Copy out all the entries shown below, exactly as they appear.

# Data listing:
[Start of section]
(* Let $D$ be a tangle diagram and fix an $\mathrm{SL}_2(\mathbb{C})$-coloring $i\mapsto g_i$ of $D$. Then the set of shadow colorings of $(D,g)$ is nonempty and is in bijection with $\mathbb{C}^2\setminus\{0\}$.
   Context: Tangle diagrams: a tangle diagram $D$ is an oriented tangle diagram in the square $[0,1]^2$, viewed as a 4-valent graph with crossings. Segments are the edges of the graph; a strand is cut at every crossing, whether over or under. Regions are the connected components of the complement of the graph in the square. Above and below: for a segment $i$, $i^{\uparrow}$ is the region on the left of $i$ with respect to its orientation and $i^{\downarrow}$ the region on its right. Crossing labels: rotate a crossing so both strands point right. The incoming segments are $1$ (upper left) and $2$ (lower left). The outgoing segments are $1'$ (lower right, continuing $1$) and $2'$ (upper right, continuing $2$). The crossing is positive if strand $1\to1'$ is over, negative if strand $2\to2'$ is over. $\mathrm{SL}_2(\mathbb{C})$-coloring: an assignment $i\mapsto g_i\in\mathrm{SL}_2(\mathbb{C})$ to segments such that: - at positive crossings, $g_{1'}=g_1$ and $g_{2'}=g_1^{-1}g_2g_1$; - at negative crossings, $g_{2'}=g_2$ and $g_{1'}=g_2g_1g_2^{-1}$. Shadow coloring of $(D,g)$: an assignment $j\mapsto u_j$ of nonzero column vectors in $\mathbb{C}^2$ to the regions such that $u_{i^{\downarrow}}=g_iu_{i^{\uparrow}}$ for every segment $i$. *)

(* Tangle diagrams are encoded combinatorially in Morse
   position: a diagram is a bottom slice of oriented endpoints followed by a
   sequence of elementary events (crossing, cup = local minimum,
   cap = local maximum), read from bottom to top. *)
From HB Require Import structures.
From mathcomp Require Import all_boot all_order all_algebra.
From mathcomp Require Import reals complex.
Set Implicit Arguments. Unset Strict Implicit. Unset Printing Implicit Defensive.
Import Order.TTheory GRing.Theory Num.Theory.

(* Orientation of a strand point on a horizontal level line:
   true = pointing up, false = pointing down. *)

Inductive step : Type :=
  | Cross of nat & bool  (* Cross k overA : the strands at positions k, k+1
                            cross; overA = true iff the strand going from
                            position k (below) to position k+1 (above) is
                            the over-strand *)
  | Cup of nat & bool    (* Cup k o : a local minimum creating two new points
                            at positions k, k+1 with orientations o, ~~o *)
  | Cap of nat.          (* Cap k : a local maximum joining positions k, k+1 *)

Definition apply_step (st : step) (s : seq bool) : seq bool :=
  match st with
  | Cross k _ => take k s ++ [:: nth false s k.+1; nth false s k] ++ drop k.+2 s
  | Cup k o => take k s ++ [:: o; ~~ o] ++ drop k s
  | Cap k => take k s ++ drop k.+2 s
  end.

Definition step_valid (st : step) (s : seq bool) : bool :=
  match st with
  | Cross k _ => k.+1 < size s
  | Cup k _ => k <= size s
  | Cap k => (k.+1 < size s) && (nth false s k != nth false s k.+1)
  end.

Record diagram : Type := Diagram { bot : seq bool; steps : seq step }.

Definition height (D : diagram) : nat := size (steps D).
Definition stepn (D : diagram) (h : nat) : step := nth (Cap 0) (steps D) h.

(* the level line at height h (0 = bottom boundary, height D = top) *)
Definition slice (D : diagram) (h : nat) : seq bool :=
  foldl (fun s st => apply_step st s) (bot D) (take h (steps D)).

Definition wf_diagram (D : diagram) : Prop :=
  forall h, h < height D -> step_valid (stepn D h) (slice D h).

(* Strand points (h, p): the p-th point of the level line h.  Each lies on a
   segment; segments are the classes of the identification seg_step below. *)
Definition pt_ok (D : diagram) (x : nat * nat) : bool :=
  (x.1 <= height D) && (x.2 < size (slice D x.1)).
Definition pt (D : diagram) := {x : nat * nat | pt_ok D x}.

(* Gaps (h, j): the j-th interval of the level line h (gap j lies between
   points j-1 and j).  Each lies in a region; regions are the classes of
   the identification region_step below. *)
Definition gap_ok (D : diagram) (x : nat * nat) : bool :=
  (x.1 <= height D) && (x.2 <= size (slice D x.1)).
Definition gap (D : diagram) := {x : nat * nat | gap_ok D x}.

(* where point p below an event continues above it (None: cut/ended) *)
Definition pt_cont (st : step) (p : nat) : option nat :=
  match st with
  | Cross k _ => if (p == k) || (p == k.+1) then None else Some p
  | Cup k _ => Some (if p < k then p else p.+2)
  | Cap k => if p < k then Some p else if p <= k.+1 then None else Some (p - 2)
  end.

(* the gaps above an event belonging to the same region as gap j below *)
Definition gap_cont (st : step) (j : nat) : seq nat :=
  match st with
  | Cross k _ => if j == k.+1 then [::] else [:: j]
  | Cup k _ => if j < k then [:: j] else if j == k then [:: k; k.+2]
               else [:: j.+2]
  | Cap k => if j < k then [:: j] else if j == k then [:: k]
             else if j == k.+1 then [::] else if j == k.+2 then [:: k]
             else [:: j - 2]
  end.

(* elementary identifications of strand points lying on the same segment
   (segments are cut at every crossing, over or under) *)
Definition seg_step (D : diagram) (x y : nat * nat) : Prop :=
  (exists h p q, [/\ h < height D, pt_cont (stepn D h) p = Some q,
                     x = (h, p) & y = (h.+1, q)])
  \/ (exists h k o, [/\ h < height D, stepn D h = Cup k o,
                       x = (h.+1, k) & y = (h.+1, k.+1)])
  \/ (exists h k, [/\ h < height D, stepn D h = Cap k,
                     x = (h, k) & y = (h, k.+1)]).

Definition region_step (D : diagram) (x y : nat * nat) : Prop :=
  exists h j q, [/\ h < height D, q \in gap_cont (stepn D h) j,
                   x = (h, j) & y = (h.+1, q)].

Definition orient (D : diagram) (x : nat * nat) : bool :=
  nth false (slice D x.1) x.2.

(* i^up = region on the left of the segment, i^down = region on its right *)
Definition gap_up (D : diagram) (x : nat * nat) : nat * nat :=
  (x.1, if orient D x then x.2 else x.2.+1).
Definition gap_down (D : diagram) (x : nat * nat) : nat * nat :=
  (x.1, if orient D x then x.2.+1 else x.2).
[End of section]
# Completed task:
(* Let $D$ be a tangle diagram and fix an $\mathrm{SL}_2(\mathbb{C})$-coloring $i\mapsto g_i$ of $D$. Then the set of shadow colorings of $(D,g)$ is nonempty and is in bijection with $\mathbb{C}^2\setminus\{0\}$.
   Context: Tangle diagrams: a tangle diagram $D$ is an oriented tangle diagram in the square $[0,1]^2$, viewed as a 4-valent graph with crossings. Segments are the edges of the graph; a strand is cut at every crossing, whether over or under. Regions are the connected components of the complement of the graph in the square. Above and below: for a segment $i$, $i^{\uparrow}$ is the region on the left of $i$ with respect to its orientation and $i^{\downarrow}$ the region on its right. Crossing labels: rotate a crossing so both strands point right. The incoming segments are $1$ (upper left) and $2$ (lower left). The outgoing segments are $1'$ (lower right, continuing $1$) and $2'$ (upper right, continuing $2$). The crossing is positive if strand $1\to1'$ is over, negative if strand $2\to2'$ is over. $\mathrm{SL}_2(\mathbb{C})$-coloring: an assignment $i\mapsto g_i\in\mathrm{SL}_2(\mathbb{C})$ to segments such that: - at positive crossings, $g_{1'}=g_1$ and $g_{2'}=g_1^{-1}g_2g_1$; - at negative crossings, $g_{2'}=g_2$ and $g_{1'}=g_2g_1g_2^{-1}$. Shadow coloring of $(D,g)$: an assignment $j\mapsto u_j$ of nonzero column vectors in $\mathbb{C}^2$ to the regions such that $u_{i^{\downarrow}}=g_iu_{i^{\uparrow}}$ for every segment $i$. *)

(* Tangle diagrams are encoded combinatorially in Morse
   position: a diagram is a bottom slice of oriented endpoints followed by a
   sequence of elementary events (crossing, cup = local minimum,
   cap = local maximum), read from bottom to top. *)
From HB Require Import structures.
From mathcomp Require Import all_boot all_order all_algebra.
From mathcomp Require Import reals complex.
Set Implicit Arguments. Unset Strict Implicit. Unset Printing Implicit Defensive.
Import Order.TTheory GRing.Theory Num.Theory.

(* Orientation of a strand point on a horizontal level line:
   true = pointing up, false = pointing down. *)

Inductive step : Type :=
  | Cross of nat & bool  (* Cross k overA : the strands at positions k, k+1
                            cross; overA = true iff the strand going from
                            position k (below) to position k+1 (above) is
                            the over-strand *)
  | Cup of nat & bool    (* Cup k o : a local minimum creating two new points
                            at positions k, k+1 with orientations o, ~~o *)
  | Cap of nat.          (* Cap k : a local maximum joining positions k, k+1 *)

Definition apply_step (st : step) (s : seq bool) : seq bool :=
  match st with
  | Cross k _ => take k s ++ [:: nth false s k.+1; nth false s k] ++ drop k.+2 s
  | Cup k o => take k s ++ [:: o; ~~ o] ++ drop k s
  | Cap k => take k s ++ drop k.+2 s
  end.

Definition step_valid (st : step) (s : seq bool) : bool :=
  match st with
  | Cross k _ => k.+1 < size s
  | Cup k _ => k <= size s
  | Cap k => (k.+1 < size s) && (nth false s k != nth false s k.+1)
  end.

Record diagram : Type := Diagram { bot : seq bool; steps : seq step }.

Definition height (D : diagram) : nat := size (steps D).
Definition stepn (D : diagram) (h : nat) : step := nth (Cap 0) (steps D) h.

(* the level line at height h (0 = bottom boundary, height D = top) *)
Definition slice (D : diagram) (h : nat) : seq bool :=
  foldl (fun s st => apply_step st s) (bot D) (take h (steps D)).

Definition wf_diagram (D : diagram) : Prop :=
  forall h, h < height D -> step_valid (stepn D h) (slice D h).

(* Strand points (h, p): the p-th point of the level line h.  Each lies on a
   segment; segments are the classes of the identification seg_step below. *)
Definition pt_ok (D : diagram) (x : nat * nat) : bool :=
  (x.1 <= height D) && (x.2 < size (slice D x.1)).
Definition pt (D : diagram) := {x : nat * nat | pt_ok D x}.

(* Gaps (h, j): the j-th interval of the level line h (gap j lies between
   points j-1 and j).  Each lies in a region; regions are the classes of
   the identification region_step below. *)
Definition gap_ok (D : diagram) (x : nat * nat) : bool :=
  (x.1 <= height D) && (x.2 <= size (slice D x.1)).
Definition gap (D : diagram) := {x : nat * nat | gap_ok D x}.

(* where point p below an event continues above it (None: cut/ended) *)
Definition pt_cont (st : step) (p : nat) : option nat :=
  match st with
  | Cross k _ => if (p == k) || (p == k.+1) then None else Some p
  | Cup k _ => Some (if p < k then p else p.+2)
  | Cap k => if p < k then Some p else if p <= k.+1 then None else Some (p - 2)
  end.

(* the gaps above an event belonging to the same region as gap j below *)
Definition gap_cont (st : step) (j : nat) : seq nat :=
  match st with
  | Cross k _ => if j == k.+1 then [::] else [:: j]
  | Cup k _ => if j < k then [:: j] else if j == k then [:: k; k.+2]
               else [:: j.+2]
  | Cap k => if j < k then [:: j] else if j == k then [:: k]
             else if j == k.+1 then [::] else if j == k.+2 then [:: k]
             else [:: j - 2]
  end.

(* elementary identifications of strand points lying on the same segment
   (segments are cut at every crossing, over or under) *)
Definition seg_step (D : diagram) (x y : nat * nat) : Prop :=
  (exists h p q, [/\ h < height D, pt_cont (stepn D h) p = Some q,
                     x = (h, p) & y = (h.+1, q)])
  \/ (exists h k o, [/\ h < height D, stepn D h = Cup k o,
                       x = (h.+1, k) & y = (h.+1, k.+1)])
  \/ (exists h k, [/\ h < height D, stepn D h = Cap k,
                     x = (h, k) & y = (h, k.+1)]).

Definition region_step (D : diagram) (x y : nat * nat) : Prop :=
  exists h j q, [/\ h < height D, q \in gap_cont (stepn D h) j,
                   x = (h, j) & y = (h.+1, q)].

Definition orient (D : diagram) (x : nat * nat) : bool :=
  nth false (slice D x.1) x.2.

(* i^up = region on the left of the segment, i^down = region on its right *)
Definition gap_up (D : diagram) (x : nat * nat) : nat * nat :=
  (x.1, if orient D x then x.2 else x.2.+1).
Definition gap_down (D : diagram) (x : nat * nat) : nat * nat :=
  (x.1, if orient D x then x.2.+1 else x.2).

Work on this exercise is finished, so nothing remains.